As usual it is melancholy to have to record another Indian outbreak. In May, 1890, reports came in that the Indians were in a state of great excitement caused by the promised coming of their Messiah, whose advent was openly preached by a leading medicine man of the Shoshones in September, and this Indian millennium was spoken of as the "Return of the Ghosts," as all the dead Indians were to return to life, and repeople the decimated tribes. Large herds of buffaloes and horses were to gallop in the Messiah's train.
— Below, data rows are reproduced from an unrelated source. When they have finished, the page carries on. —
(* If $\mathcal Q$ is a countable collection of probability measures on $\{0,1\}^{\mathbb N}$, then $\mathcal Q$ is UME-learnable.
   Context: $\{0,1\}^{\mathbb N}$ carries the product $\sigma$-algebra. For a probability measure $\mu$ on $\{0,1\}^{\mathbb N}$, $\mathrm{Mean}(\mu)\in[0,1]^{\mathbb N}$ is the vector whose $j$-th coordinate is $\mathbb E[X_j]$ for $X\sim\mu$. A collection $\mathcal Q$ of such measures is UME-learnable if there exist (measurable) estimators $\mathcal A_n:(\{0,1\}^{\mathbb N})^n\to[0,1]^{\mathbb N}$, $n\in\mathbb N$, such that for every $\mu\in\mathcal Q$, $\mathbb E_{S\sim\mu^n}\|\mathcal A_n(S)-\mathrm{Mean}(\mu)\|_\infty\to0$ as $n\to\infty$, where $S$ consists of $n$ i.i.d. draws from $\mu$. *)

From HB Require Import structures.
From mathcomp Require Import all_boot all_order all_algebra.
From mathcomp Require Import all_classical all_reals all_analysis.
Set Implicit Arguments. Unset Strict Implicit. Unset Printing Implicit Defensive.
Import Order.TTheory GRing.Theory Num.Theory.
Import numFieldNormedType.Exports.
Local Open Scope classical_set_scope.
Local Open Scope ring_scope.

(** Product sigma-algebra on bit strings [I -> bool] (bool carrying the
    discrete sigma-algebra): generated by the coordinate cylinders
    [{x | x i = true}], i.e. by the coordinate projections. *)
Definition cyl_sets (I : Type) : set (set (I -> bool)) :=
  [set [set x : I -> bool | x i] | i in [set: I]].

Definition Cantor : Type := g_sigma_algebraType (@cyl_sets nat).

Definition Mean (R : realType) (mu : probability Cantor R) (j : nat) : R :=
  fine (\int[mu]_x (((x : nat -> bool) j)%:R : R)%:E).

Definition sample (n : nat) : Type := 'I_n -> nat -> bool.

Definition sample_sets (n : nat) : set (set (sample n)) :=
  [set [set S : sample n | S ij.1 ij.2] | ij in [set: 'I_n * nat]].

(** Measurability of an estimator A : ({0,1}^N)^n -> [0,1]^N, where the
    codomain carries the product (Borel) sigma-algebra: every coordinate
    map S |-> A S j is measurable. *)
Definition estimator_measurable (R : realType) (n : nat)
    (A : sample n -> nat -> R) : Prop :=
  forall (j : nat) (B : set R), measurable B ->
    <<s @sample_sets n >> ((fun S => A S j) @^-1` B).

Definition supdist (R : realType) (v w : nat -> R) : \bar R :=
  ereal_sup (range (fun j => (`|v j - w j|)%:E)).

Definition scons (T : Type) (x : T) (s : nat -> T) : nat -> T :=
  fun k => if k is k'.+1 then s k' else x.

(** Expectation under the n-fold product mu^n of a nonnegative functional
    F of the first n draws s 0, ..., s (n-1), computed as the iterated
    integral (Tonelli):
      E_{mu^n}[F] = \int mu(dx_0) ... \int mu(dx_{n-1}) F(x_0,...,x_{n-1}). *)
Fixpoint expect_n (R : realType) (mu : probability Cantor R) (n : nat)
    (F : (nat -> Cantor) -> \bar R) : \bar R :=
  match n with
  | 0 => F (fun _ => (fun _ => false) : Cantor)
  | n'.+1 => \int[mu]_x expect_n mu n' (fun s => F (scons x s))
  end.

Definition first_n (n : nat) (s : nat -> Cantor) : sample n :=
  fun i : 'I_n => (s (nat_of_ord i) : nat -> bool).

Definition UME_learnable (R : realType) (Q : set (probability Cantor R)) : Prop :=
  exists A : forall n : nat, sample n -> nat -> R,
    (forall n, estimator_measurable (A n)) /\
    (forall n S j, 0 <= A n S j <= 1) /\
    (forall mu, Q mu ->
       (fun n => expect_n mu n (fun s => supdist (A n (@first_n n s)) (Mean mu)))
         @ \oo --> 0%E).

(** Enumerate the candidate mean vectors [cand 0, cand 1, ...] of the measures
    in Q and let r = floor(n^(1/4)).  From n draws, compute the empirical means
    of the first r coordinates and output the first [cand l], l < r, that is
    within 1/r of them on all r coordinates.  Let k0 index the true law.  If all
    r empirical means are 1/r-accurate, then k0 is consistent, and a consistent
    l <= k0 is 2/r-close to [cand k0] on r coordinates; since only finitely many
    l <= k0 exist, for r large this forces [cand l = cand k0], so the error is 0.
    Otherwise the error is at most 1 <= sum_(j<r) (r (emp_j - p_j))^2, whose
    expectation is r^2 sum_(j<r) p_j (1 - p_j) / n <= r^3 / n <= 1 / r. *)

From Stdlib Require Import PeanoNat.
From HB Require Import structures.
From mathcomp Require Import all_boot all_order all_algebra.
From mathcomp Require Import all_classical all_reals all_analysis.
From mathcomp Require Import measurable_realfun ring lra zify.
Set Implicit Arguments.
Unset Strict Implicit.
Unset Printing Implicit Defensive.
Import Order.TTheory GRing.Theory Num.Theory.
Local Open Scope classical_set_scope.
Local Open Scope ring_scope.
The Great Manitou had seen his children suffer long enough. When the grass grew again he would gather all faithful Indians around him, and roll back the earth upon the palefaces. Thirty feet of additional soil, well sodded and timbered, would the Messiah roll upon the earth, burying under it the white oppressors of the red men, all those who escaped from smothering being metamorphosed into buffaloes and catfish. Then would the "happy hunting ground" of the Indian's dream be realized. While waiting for their Messiah the Indians were to show their devotion by dancing continuously for five days and nights. These "Dances of Death," better known as the "Ghost Dances," began during the last week of October. Meantime half a dozen Messiahs appeared, the most widely accepted being the son of Wal-tit-a-win; although Co-we-go, at Mt. Grant, as well as Queetize-ow, a Piute, had each a strong following.

The craze of the "Return of the Ghosts" gained its most fervent believers among the Sioux Indians, and the wily chief, Sitting Bull, posed as its high

CHAP. XXXVIII.

46

THE GHOST DANCES."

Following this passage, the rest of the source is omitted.